▶ Record set

(* Let $K,L$ be Markov kernels on a measurable space $S$, and let $(K^{(n)})_{n\ge2}$ and $(L^{(n)})_{n\ge2}$ be consistent extensions of $K$ and $L$ respectively. Then $(K^{(n)}L^{(n)})_{n\ge2}$ is a consistent extension of $KL$.
   Context: Composition: $(KL)(x,B)=\int L(y,B)K(x,dy)$. For $i_1,\dots,i_k\in\{1,\dots,n\}$ (repetitions allowed), $\pi^n_{i_1,\dots,i_k}(x_1,\dots,x_n)=(x_{i_1},\dots,x_{i_k})$. A family $(K^{(n)})_{n\ge1}$, $K^{(n)}$ a Markov kernel on $S^n$ with the product $\sigma$-algebra, is consistent if $K^{(n)}(\mathbf{x},(\pi^n_{i_1,\dots,i_k})^{-1}(B))=K^{(k)}(\pi^n_{i_1,\dots,i_k}(\mathbf{x}),B)$ for all $1\le k\le n$, all $i_1,\dots,i_k$, all $\mathbf{x}\in S^n$ and measurable $B\subset S^k$. A family $(K^{(n)})_{n\ge2}$ is a consistent extension of a kernel $K$ on $S$ if $(K^{(n)})_{n\ge1}$ with $K^{(1)}=K$ is consistent. *)

From HB Require Import structures.
From mathcomp Require Import all_boot all_order all_algebra.
From mathcomp Require Import all_classical all_reals all_analysis.
Set Implicit Arguments. Unset Strict Implicit. Unset Printing Implicit Defensive.
Import Order.TTheory GRing.Theory Num.Theory.
Local Open Scope classical_set_scope.
Local Open Scope ring_scope.
Local Open Scope ereal_scope.

Section Defs.
Context {R : realType} {d : measure_display} {S : measurableType d}.

(* S^n is modelled as n.-tuple S, with the library's product sigma-algebra
   (generated by the coordinate projections). *)

Definition proj (n k : nat) (i : k.-tuple 'I_n) (x : n.-tuple S) : k.-tuple S :=
  map_tuple (tnth x) i.

Definition kcompose {d' : measure_display} {X : measurableType d'}
    (k l : X -> {measure set X -> \bar R}) : X -> set X -> \bar R :=
  fun x B => \int[k x]_y l y B.

Definition consistent (F : forall n, n.-tuple S -> set (n.-tuple S) -> \bar R) :=
  forall (n k : nat), (1 <= k <= n)%N ->
  forall (i : k.-tuple 'I_n) (x : n.-tuple S) (B : set (k.-tuple S)),
    measurable B -> F n x (proj i @^-1` B) = F k (proj i x) B.

Definition lift1 (k : S -> set S -> \bar R) : 1.-tuple S -> set (1.-tuple S) -> \bar R :=
  fun x B => k (thead x) [set s | B [tuple s]].

(* the family (F^(n))_{n>=1} with F^(1) = k and F^(n+2) = F n;
   the value at n = 0 is irrelevant (never used by [consistent]) *)
Definition extfam (k : S -> set S -> \bar R)
    (F : forall n, n.+2.-tuple S -> set (n.+2.-tuple S) -> \bar R) :
    forall n, n.-tuple S -> set (n.-tuple S) -> \bar R :=
  fun n => match n as n0 return n0.-tuple S -> set (n0.-tuple S) -> \bar R with
           | 0%N => fun _ _ => 0
           | 1%N => lift1 k
           | m.+2 => F m
           end.

Definition consistent_extension (k : S -> set S -> \bar R)
    (F : forall n, n.+2.-tuple S -> set (n.+2.-tuple S) -> \bar R) :=
  consistent (extfam k F).

Definition is_markov_kernel {d' : measure_display} {X : measurableType d'}
    (f : X -> set X -> \bar R) :=
  exists P : R.-pker X ~> X, forall x B, measurable B -> P x B = f x B.

End Defs.

From Pilot Require Import Defs.
From HB Require Import structures.
From mathcomp Require Import all_boot all_order all_algebra.
From mathcomp Require Import all_classical all_reals all_analysis.
From mathcomp Require Import measurable_realfun.
Local Open Scope classical_set_scope.
Local Open Scope ring_scope.
Local Open Scope ereal_scope.

(* Consistency says that every coordinate projection f = pi_{i_1..i_k}
   intertwines K^(n) with K^(k):  K^(n)(x, f^-1 A) = K^(k)(f x, A).
   Intertwining is preserved by composition of kernels: by the change of
   variables formula for the image measure of K^(n)(x, .) under f,
     \int L^(n)(y, f^-1 B) K^(n)(x,dy) = \int L^(k)(f y, B) K^(n)(x,dy)
                                       = \int L^(k)(z, B) K^(k)(f x,dz).
   For k = 1 the projection is read through the identification S = S^1. *)

Definition intertwines {d1 d2} {X : measurableType d1} {Y : measurableType d2}
    {R : realType} (f : X -> Y)
    (k : X -> set X -> \bar R) (k' : Y -> set Y -> \bar R) :=
  forall x A, measurable A -> k x (f @^-1` A) = k' (f x) A.

Lemma ge0_integral_transfer d1 d2 (X : measurableType d1)
    (Y : measurableType d2) (R : realType)
    (mu : {measure set X -> \bar R}) (nu : {measure set Y -> \bar R})
    (f : X -> Y) (g : Y -> \bar R) :
  measurable_fun setT f -> measurable_fun setT g -> (forall y, 0 <= g y) ->
  (forall A, measurable A -> mu (f @^-1` A) = nu A) ->
  \int[mu]_x g (f x) = \int[nu]_y g y.
Proof.
move=> mf mg g0 munu.
rewrite (eq_measure_integral (pushforward mu f)) => [|A mA _]; last first.
  by rewrite -munu.
by rewrite [RHS]ge0_integral_pushforward // preimage_setT.
Qed.

Lemma kcompose_intertwines d1 d2 (X : measurableType d1)
    (Y : measurableType d2) (R : realType) (f : X -> Y)
    (K L : X -> {measure set X -> \bar R}) (K' : Y -> {measure set Y -> \bar R})
    (L' : R.-ker Y ~> Y) :
  measurable_fun setT f ->
  intertwines f (fun x A => K x A) (fun y A => K' y A) ->
  intertwines f (fun x A => L x A) (fun y A => L' y A) ->
  intertwines f (kcompose K L) (kcompose K' L').
Proof.
move=> mf fK fL x B mB; rewrite /kcompose.
under eq_integral do rewrite fL //.
apply: (@ge0_integral_transfer _ _ _ _ _ _ _ f (fun z => L' z B)) => //.
- exact: measurable_kernel.
- by move=> A mA; exact: fK.
Qed.

Section probability_kcompose.
Context d (T : measurableType d) (R : realType) (k1 k2 : R.-pker T ~> T).

Let mkcomp_noparam_setT x : mkcomp_noparam k1 k2 x setT = 1.
Proof.
rewrite /= /kcomp_noparam.
under eq_integral do rewrite prob_kernel.
by rewrite integral_cst // mul1e prob_kernel.
Qed.

HB.instance Definition _ :=
  Kernel_isProbability.Build _ _ _ _ _ (mkcomp_noparam k1 k2) mkcomp_noparam_setT.

Lemma is_markov_kernel_kcompose : is_markov_kernel (kcompose k1 k2).
Proof. by exists (mkcomp_noparam k1 k2). Qed.

End probability_kcompose.

Section tuple_projections.
Context {d : measure_display} {S : measurableType d}.

Lemma measurable_proj {n k} (i : k.-tuple 'I_n) :
  measurable_fun setT (Defs.proj i : n.-tuple S -> k.-tuple S).
Proof.
apply/measurable_fun_tnthP => j.
rewrite (_ : _ \o _ = @tnth n S ^~ (tnth i j)); first exact: measurable_tnth.
by apply/funext => y; rewrite /= /Defs.proj tnth_map.
Qed.

Lemma measurable_thead : measurable_fun setT (@thead 0 S).
Proof. exact: (measurable_tnth ord0). Qed.

Lemma measurable_tuple1 : measurable_fun setT (fun s : S => [tuple s]).
Proof.
apply/measurable_fun_tnthP => j.
rewrite (_ : _ \o _ = id); first exact: measurable_id.
by apply/funext => s; rewrite /= (ord1 j).
Qed.

Lemma tuple1_thead (t : 1.-tuple S) : [tuple thead t] = t.
Proof. by apply: eq_from_tnth => j; rewrite (ord1 j). Qed.

Lemma proj_tuple1_id (i : 1.-tuple 'I_1) :
  Defs.proj i = id :> (1.-tuple S -> 1.-tuple S).
Proof.
apply/funext => x; apply: eq_from_tnth => j.
by rewrite /Defs.proj tnth_map (ord1 j) (ord1 (tnth i ord0)).
Qed.

Lemma intertwines_lift1 (R : realType) dX (X : measurableType dX)
    (f : X -> 1.-tuple S) (F : X -> set X -> \bar R) (k : S -> set S -> \bar R) :
  intertwines f F (lift1 k) <-> intertwines (@thead 0 S \o f) F k.
Proof.
split=> fFk x A mA.
- have mA1 : measurable (@thead 0 S @^-1` A).
    by rewrite -[_ @^-1` _]setTI; exact: measurable_thead.
  exact: (fFk x _ mA1).
- have mA1 : measurable [set s : S | A [tuple s]].
    by rewrite -[X in measurable X]setTI; exact: measurable_tuple1.
  rewrite /lift1 -(fFk x _ mA1); congr (F x _); apply/funext => y.
  by rewrite /preimage /= tuple1_thead.
Qed.

End tuple_projections.

Theorem lemma6p2 (R : realType) (d : measure_display) (S : measurableType d)
  (K L : R.-pker S ~> S)
  (Kn Ln : forall n : nat, R.-pker (n.+2.-tuple S) ~> (n.+2.-tuple S)) :
  consistent_extension (fun x B => K x B) (fun n x B => Kn n x B) ->
  consistent_extension (fun x B => L x B) (fun n x B => Ln n x B) ->
  (forall n : nat, is_markov_kernel (kcompose (Kn n) (Ln n))) /\
  is_markov_kernel (kcompose K L) /\
  consistent_extension (kcompose K L) (fun n => kcompose (Kn n) (Ln n)).
Proof.
move=> HK HL; split; first by move=> n; exact: is_markov_kernel_kcompose.
split; first exact: is_markov_kernel_kcompose.
move=> [|[|m]] [|[|k]] //= k_le_n i; rewrite -/(intertwines _ _ _).
- by rewrite proj_tuple1_id.
- apply/intertwines_lift1/kcompose_intertwines.
  + exact: measurableT_comp measurable_thead (measurable_proj _).
  + apply/intertwines_lift1; exact: (HK m.+2 1%N k_le_n i).
  + apply/intertwines_lift1; exact: (HL m.+2 1%N k_le_n i).
- apply: kcompose_intertwines; first exact: measurable_proj.
  + exact: (HK m.+2 k.+2 k_le_n i).
  + exact: (HL m.+2 k.+2 k_le_n i).
Qed.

▶ Aim of the exercise
Nothing should appear in the output except the lines from the one with "- by rewrite proj_tuple1_id." through the end of the records above, copied exactly.

▶ Output of the task
- by rewrite proj_tuple1_id.
- apply/intertwines_lift1/kcompose_intertwines.
  + exact: measurableT_comp measurable_thead (measurable_proj _).
  + apply/intertwines_lift1; exact: (HK m.+2 1%N k_le_n i).
  + apply/intertwines_lift1; exact: (HL m.+2 1%N k_le_n i).
- apply: kcompose_intertwines; first exact: measurable_proj.
  + exact: (HK m.+2 k.+2 k_le_n i).
  + exact: (HL m.+2 k.+2 k_le_n i).
Qed.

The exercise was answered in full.